The gap between analog and digital instruments is still not something that is closed, and there is no way for a computer program to create a “natural” sounding orchestra or rock band performance any time soon; there are just too many variables involved in the sounds produced by physical instruments. Theoretically, though, a digital instrument can have every sound recreated exactly on a computer screen. So what makes these electronic instruments so widespread? Perhaps the best explanation is that some artists prefer the imperfection of an off-the-cuff performance piece, even when computer-generated sounds are involved.
Jeremy Morris, an assistant professor of Media and Cultural Studies at UW-Madison suggests that contemporary music innovation is approached from two sides. Not only is music itself being constantly changed and developed, but the technology side of it has become its own entity. There appear to be two approaches to bridging the gap between disciplines. “Some artists are so acutely aware of their own practice and their own way of making music that they design an instrument to do what they want to do,” Morris says. Artists such as Imogen Heap are known for modifying their instruments to create unique sounds, and ever since the classical era, artists have been known to request their instruments to be made to certain specifications. What’s arguably new is the development of technologies first, without clear musical demand for it. This interest has grown among developers and academics alike, leading to new movements and gatherings dedicated solely to music development.

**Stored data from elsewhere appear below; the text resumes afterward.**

(* Adding all columns to column [r] leaves [N] at [(r, r)] and zeros in the
   rest of that column; the complementary minor is that of [funlap f]. *)
Lemma det_choice_mx_rooted (f : 'I_N -> 'I_N) (r : 'I_N) :
  f r = r -> (forall i, i != r -> f i != i) ->
  \det (choice_mx f) = N%:R * \det (funlap R f).
Proof.
move=> Hr Hn; rewrite (det_sum_into_col _ r) (expand_det_col _ r) (bigD1 r) //=.
rewrite big1 ?addr0 => [|i Hi]; last first.
  rewrite mxE eqxx (eq_bigr (fun k => (i == k)%:R - (f i == k)%:R)); last first.
    by move=> k _; rewrite mxE /star_row (negbTE (Hn _ Hi)).
  rewrite sumrB (bigD1 i) //= [X in _ - X](bigD1 (f i)) //= !eqxx.
  by rewrite !big1 ?addr0 ?subrr ?mul0r // => k /negbTE; rewrite eq_sym => ->.
rewrite mxE eqxx (eq_bigr (fun k => 1)); last by move=> k _; rewrite mxE /star_row Hr eqxx.
rewrite sumr_const card_ord (expand_det_row (funlap R f) r) (bigD1 r) //=.
rewrite big1 ?addr0 => [|j Hj]; last by rewrite mxE Hr eqxx /= eq_sym (negbTE Hj) subr0 mul0r.
rewrite mxE Hr !eqxx /= subr0 mul1r; congr (_ * _); rewrite /cofactor; congr (_ * \det _).
have Hl a : lift r a != r by rewrite eq_sym neq_lift.
apply/matrixP => i j; rewrite !mxE (negbTE (Hl j)) /star_row (negbTE (Hn _ (Hl i))).
by rewrite [lift r j == _]eq_sym.
Qed.

Lemma parent_fun_family r (f : {ffun 'I_N -> 'I_N}) :
  parent_fun e r f -> f \in family closed_nbhd.
Proof.
case/andP => /eqP Hfr /forallP Hall; apply/familyP => i; rewrite unfold_in /closed_nbhd.
case: (eqVneq i r) => [->|Hi]; first by rewrite Hfr eqxx orbT.
by move/implyP: (Hall i) => /(_ Hi) ->.
Qed.

(* Without a root, [f] either has no fixed point, and then [choice_mx f] is
   [funlap f], or it has two, giving two all-ones rows; a single fixed point
   would be a root. *)
Lemma det_choice_mx_unrooted (f : {ffun 'I_N -> 'I_N}) : (0 < N)%N ->
  f \in family closed_nbhd -> (forall r, ~~ parent_fun e r f) -> \det (choice_mx f) = 0.
Proof.
move=> N0 /familyP Hfam Hnr.
case: (pickP (fun i => f i == i)) => [i1 Hi1|Hnf]; last first.
  have -> : choice_mx f = funlap R f.
    by apply/matrixP => i k; rewrite !mxE /star_row Hnf /= [k == _]eq_sym.
  rewrite det_funlap; case: (boolP (reaches_fixpoint f)) => // /forallP /(_ (Ordinal N0)).
  by case/existsP => y /andP[_]; rewrite Hnf.
case: (pickP (fun i => (f i == i) && (i != i1))) => [i2 /andP[Hi2 H21]|Hno].
  by apply: (@determinant_alternate _ _ _ i2 i1) => // k; rewrite !mxE /star_row Hi1 Hi2.
move: (Hnr i1); rewrite /parent_fun Hi1 /=; move/negP; case.
apply/forallP => i; apply/implyP => Hi; move: (Hfam i) (Hno i).
rewrite Hi andbT unfold_in /closed_nbhd => He Hfi.
by rewrite Hfi orbF in He.
Qed.

Lemma det_choice_mx (f : {ffun 'I_N -> 'I_N}) : (0 < N)%N -> f \in family closed_nbhd ->
  \det (choice_mx f) = N%:R * \sum_r (parent_fun e r f && reaches_fixpoint f)%:R.
Proof.
move=> N0 Hfam; case: (pickP (parent_fun e ^~ f)) => [r Hr|Hnr]; last first.
  by rewrite big1 ?mulr0 ?det_choice_mx_unrooted // => r; rewrite Hnr.
have Hfr : f r = r by case/andP: Hr => /eqP.
have Hedge i : i != r -> e i (f i) by case/andP: Hr => _ /forallP /(_ i) /implyP.
rewrite (bigD1 r) //= Hr big1 ?addr0 => [|r' Hr']; last first.
  case: (boolP (parent_fun e r' f)) => //= /andP[/eqP Hr'f _].
  by move: (Hedge r' Hr'); rewrite Hr'f e_irr.
rewrite (det_choice_mx_rooted Hfr) ?det_funlap // => i /Hedge.
by apply: contraTneq => ->; rewrite e_irr.
Qed.

Theorem det_laplacian_add_ones : (0 < N)%N ->
  \det (laplacian R e + const_mx 1) = (N * N * num_spanning_trees e)%:R.
Proof.
move=> N0; rewrite laplacian_add_ones det_sum_family.
rewrite (eq_bigr _ (fun f => det_choice_mx N0)) -mulr_sumr exchange_big /=.
rewrite (eq_bigr (fun r => (num_spanning_trees e)%:R)); last first.
  move=> r _; rewrite -(card_parent_funs e_sym e_irr r) card_set_sum_bool natr_sum.
  rewrite big_mkcond /=; apply: eq_bigr => f _.
  case: (boolP (f \in family closed_nbhd)) => // Hfam.
  by case: (boolP (parent_fun e r f)) => //= /parent_fun_family; rewrite (negbTE Hfam).
by rewrite sumr_const card_ord !natrM -mulr_natr; ring.
Qed.

End MatrixTree.

Lemma det_add_rank1 (R : comNzRingType) n (u : 'cV[R]_n) (v : 'rV[R]_n) :
  \det (1%:M + u *m v) = 1 + (v *m u) 0 0.
Proof.
have E1 : block_mx 1%:M (- u) v 1%:M =
          block_mx 1%:M 0 v 1%:M *m block_mx 1%:M (- u) 0 (1%:M + v *m u).
  rewrite mulmx_block ?mul1mx ?mul0mx ?mulmx1 ?mulmx0 ?addr0 ?add0r ?mulmxN ?mulNmx.
  by rewrite [- _ + _]addrC addrK.
have E2 : block_mx 1%:M (- u) v 1%:M =
          block_mx (1%:M + u *m v) (- u) 0 1%:M *m block_mx 1%:M 0 v 1%:M.
  rewrite mulmx_block ?mul1mx ?mul0mx ?mulmx1 ?mulmx0 ?addr0 ?add0r ?mulmxN ?mulNmx.
  by rewrite addrK.
have := congr1 determinant E1; rewrite {1}E2 !det_mulmx det_lblock !det_ublock.
by rewrite !det1 !mul1r !mulr1 det_mx11 !mxE => ->.
Qed.

(* If every row of [M] sums to [t], then [M + J = M (I + J / t)] and
   [det (I + J / t) = 1 + n / t] by the rank-one formula. *)
Lemma det_add_const1 (R : fieldType) n (M : 'M[R]_n) (t : R) :
  (forall i, \sum_k M i k = t) -> t != 0 ->
  \det (M + const_mx 1) = \det M * (t + n%:R) / t.
Proof.
move=> Hrow Ht; set J : 'M[R]_n := const_mx 1.
have MJ : M *m J = t *: J.
  apply/matrixP => i j; rewrite !mxE -(Hrow i) mulr1.
  by apply: eq_bigr => k _; rewrite mxE mulr1.
have -> : M + J = M *m (1%:M + (t^-1 *: (const_mx 1 : 'cV[R]_n)) *m const_mx 1).
  rewrite mulmxDr mulmx1 -scalemxAl -scalemxAr; congr (_ + _).
  have -> : (const_mx 1 : 'cV[R]_n) *m (const_mx 1 : 'rV[R]_n) = J.
    by apply/matrixP => i j; rewrite !mxE big_ord1 !mxE mulr1.
  by rewrite MJ scalerA mulVf // scale1r.
rewrite det_mulmx det_add_rank1 !mxE.
under eq_bigr do rewrite !mxE mulr1 mul1r.
by rewrite sumr_const card_ord -mulr_natr -mulrA; congr (_ * _); field.
Qed.
Lemma weighted_cost_extension_le x v z k N : (k <= N)%N ->
  (forall t, (t < k)%N -> z t = v t) ->
  (forall t, (t < N)%N -> 0 <= rc x v t) ->
  (forall t, (t <= N)%N -> `|lam (traj f x v t)| <= Lam) ->
  (forall t, (t <= N.+1)%N -> `|lam (traj f x z t)| <= Lam) ->
  weighted_cost N.+1 x z <= weighted_cost N x v + N.+1%:R * ls
    + \sum_(0 <= t < N) rc x v t + \sum_(k <= t < N.+1) (N.+1 - t)%:R * rc x z t
    + (N.+1 - k)%:R * (4 * Lam).
Proof.
move=> kN zv v0 hv hz; have kN1 := leqW kN.
rewrite /weighted_cost (big_cat_nat (leq0n k) kN1) (big_cat_nat (leq0n k) kN) /=.
rewrite (weighted_cost_head _ _ zv) !weighted_cost_tail.
have -> : \sum_(0 <= t < k) (N.+1 - t)%:R * ell (traj f x v t) (v t) =
    \sum_(0 <= t < k) (N - t)%:R * ell (traj f x v t) (v t)
    + \sum_(0 <= t < k) ell (traj f x v t) (v t).
  rewrite -big_split /=; apply: eq_big_nat => t /andP[_ tk].
  rewrite subSn; last exact: leq_trans (ltnW tk) kN.
  by rewrite -addn1 natrD mulrDl mul1r.
rewrite sum_cost_rotated // subn0.
have -> : \sum_(k <= t < N.+1) (N.+1 - t)%:R =
    \sum_(k <= t < N) (N - t)%:R + (N.+1 - k)%:R :> R.
  have := sum_weight_succ (fun=> 1 : R) kN; rewrite sumr_const_nat.
  by under eq_bigr do rewrite mulr1; under [in RHS]eq_bigr do rewrite mulr1.
have ls_split : k%:R * ls + ls * (N.+1 - k)%:R = N.+1%:R * ls.
  by rewrite mulrC -mulrDr -natrD subnKC // mulrC.
have rc_head : \sum_(0 <= t < k) rc x v t <= \sum_(0 <= t < N) rc x v t.
  rewrite (big_cat_nat (leq0n k) kN) /= lerDl big_nat_cond.
  by apply: sumr_ge0 => t /andP[/andP[_ tN] _]; apply: v0.
have rc_tail : 0 <= \sum_(k <= t < N) (N - t)%:R * rc x v t.
  rewrite big_nat_cond; apply: sumr_ge0 => t /andP[/andP[_ tN] _].
  by rewrite mulr_ge0 ?ler0n ?v0.
have := weighted_telescope_norm_le kN1 (fun t h => hz t (proj2 (andP h))).
have := weighted_telescope_norm_le kN (fun t h => hv t (proj2 (andP h))).
have := hv k kN; have := hv 0%N (leq0n N).
rewrite -ls_split !ler_norml subSn // -natr1; lra.
Qed.
End RotatedCost.

Section Orbits.
Variables (R : realType) (n m : nat).

Lemma dist_orbit_ge0 p (Pi : nat -> 'rV[R]_n * 'rV[R]_m) z : 0 <= dist_orbit p Pi z.
Proof.
rewrite /dist_orbit; elim/big_rec: _ => [|i y _ y0]; first by rewrite le_max normr_ge0.
by rewrite le_min y0 le_max normr_ge0.
Qed.

Lemma dist_orbit_le_near p (Pi : nat -> 'rV[R]_n * 'rV[R]_m) z e : (0 < p)%N ->
  dist_orbit p Pi z <= e -> exists2 i, (i < p)%N & `|z.1 - (Pi i).1| <= e.
Proof.
move=> p0; rewrite /dist_orbit.
set d := fun k => pnorm (z.1 - (Pi k).1, z.2 - (Pi k).2).
have [i ip ->] : exists2 i, (i < p)%N & \big[Order.min/d 0%N]_(k < p) d k = d i.
  elim/big_rec: _ => [|k y _ [j jp ->]]; first by exists 0%N.
  by rewrite /Order.min; case: ifP => _; [exists k | exists j].
by move=> di; exists i => //; apply: le_trans di; rewrite /d /pnorm le_max lexx.
Qed.

Variables (f : 'rV[R]_n -> 'rV[R]_m -> 'rV[R]_n) (ell : 'rV[R]_n -> 'rV[R]_m -> R).
Variables (Xs : set 'rV[R]_n) (Us : set 'rV[R]_m) (lam : 'rV[R]_n -> R) (ls : R).

Lemma periodic_orbit_rotated_cost_le0 p Pi : periodic_orbit f Xs Us p Pi ->
  avg_cost ell p Pi = ls ->
  (forall x u, Xs x -> Us u -> Xs (f x u) -> 0 <= rotated_cost f ell lam ls x u) ->
  forall j, (j < p)%N -> rotated_cost f ell lam ls (Pi j).1 (Pi j).2 <= 0.
Proof.
move=> [p0 [PiXU PiS]] avg rc0.
have rc_ge0 (j : 'I_p) : 0 <= rotated_cost f ell lam ls (Pi j).1 (Pi j).2.
  have [jX jU] := PiXU j (ltn_ord j).
  by apply: rc0; rewrite // -PiS //; apply: (PiXU _ _).1; rewrite ltn_mod.
have rc_sum : \sum_(j < p) rotated_cost f ell lam ls (Pi j).1 (Pi j).2 = 0.
  rewrite /rotated_cost.
  under eq_bigr => j _ do rewrite -PiS //.
  rewrite !big_split /= !sumrN (sum_ord_modS (fun j => lam (Pi j).1) p0) addrK.
  rewrite sumr_const card_ord -avg /avg_cost -mulrnAl -[p%:R^-1 *+ p]mulr_natr.
  by rewrite mulVf ?mul1r ?subrr // pnatr_eq0 -lt0n.
move=> j jp.
by have /= -> := @psumr_eq0P _ _ predT _ (fun i _ => rc_ge0 i) rc_sum (Ordinal jp) isT.
Qed.

End Orbits.

Section Assumptions.
Variables (R : realType) (n m : nat).
Variables (f : 'rV[R]_n -> 'rV[R]_m -> 'rV[R]_n) (ell : 'rV[R]_n -> 'rV[R]_m -> R).
Variables (Xs : set 'rV[R]_n) (Us : set 'rV[R]_m) (ps : nat) (Pis : nat -> 'rV[R]_n * 'rV[R]_m).

Lemma A1_cost_bounded : A1 f ell Xs Us ->
  exists L, forall x u, Xs x -> Us u -> `|ell x u| <= L.
Proof.
case=> _ [ell_cont [cX cU]].
have [M [_ HM]] := compact_bounded (continuous_compact ell_cont (compact_setX cX cU)).
exists (M + 1) => x u xX uU.
by apply: (HM (M + 1)); [rewrite ltrDl | exists (x, u)].
Qed.

Lemma A3_rotated_cost_ge0 : A3 f ell Xs Us ps Pis ->
  exists lam Lam, (forall x, Xs x -> `|lam x| <= Lam) /\
    forall x u, Xs x -> Us u -> Xs (f x u) ->
      0 <= rotated_cost f ell lam (ell_star f ell Xs Us) x u.
Proof.
move=> [lam [Lam [al [lam_bound [alK diss]]]]]; exists lam, Lam; split=> // x u xX uU fX.
exact: le_trans (Kinf_ge0 alK (dist_orbit_ge0 _ _ _)) (diss x u xX uU fX).
Qed.

Lemma A4_steer_to_orbit : periodic_orbit f Xs Us ps Pis -> A4 f Xs Us ps Pis ->
  exists kap M', 0 < kap /\ forall k x, (k < ps)%N -> Xs x -> `|x - (Pis k).1| <= kap ->
    exists2 r, Feas f Xs Us M' x r & traj f x r M' = (Pis k).1.
Proof.
move=> [_ [PiXU _]] [kap [M' [rho [kap0 [_ ctrl]]]]]; exists kap, M'; split=> // k x kp xX xk.
have yk : `|(Pis k).1 - (Pis k).1| <= kap by rewrite subrr normr0 ltW.
by have [r [rF [rM _]]] := ctrl k x _ kp xX (PiXU k kp).1 xk yk; exists r.
Qed.

End Assumptions.

Section ValueFunction.
Variables (R : realType) (n m : nat).
Variables (f : 'rV[R]_n -> 'rV[R]_m -> 'rV[R]_n) (ell : 'rV[R]_n -> 'rV[R]_m -> R).
Variables (Xs : set 'rV[R]_n) (Us : set 'rV[R]_m).
Variables (N : nat) (x : 'rV[R]_n) (u z : nat -> 'rV[R]_m) (c : R).
Hypotheses (N_gt0 : (0 < N)%N) (u_opt : (Jbeta f ell N x u)%:E = Vbeta f ell Xs Us N x).
Hypotheses (zF : Feas f Xs Us N.+1 x z)
  (z_cost : weighted_cost f ell N.+1 x z <= weighted_cost f ell N x u + N.+1%:R * c).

An event dedicated to music technology is the Music Tech Fest. It is a traveling event that showcases new developments in music technology, with an emphasis on novel and unique ways to create and control sounds. Examples of devices from recent appearances include devices that scan brainwaves and sensors that detect subtle movement of the fingers to create sounds. Morris characterizes these instruments by claiming that, “the tactility of performance is being put back into instruments.” Technologies such as the Reactable allow multiple people to surround a table and use blocks to control the sounds, creating an entirely interactive musical experience not too unlike playing a piano with friends. As Morris describes, the festival’s theme is “an approach to the instrument, as opposed to an approach to the music.”
Music today stands in a unique position, where engineers are influencing music just as much as musicians are influencing the engineers. Technology is advancing at amazing rates in all fields, and perhaps it was only natural that technical creativity caught up with musical creativity. This could be seen as a complete upending of the source of innovation, but it is not something that musical engineers fear. Morris is a contributing thinker to the festival’s manifesto, which describes how “Music technologies help us explore what it means to be human, to create, and to participate.” Music is in a very confusing place in time, but perhaps the work that comes out of these modern collaborations between engineers and artists will come to define the cultural era in which we live.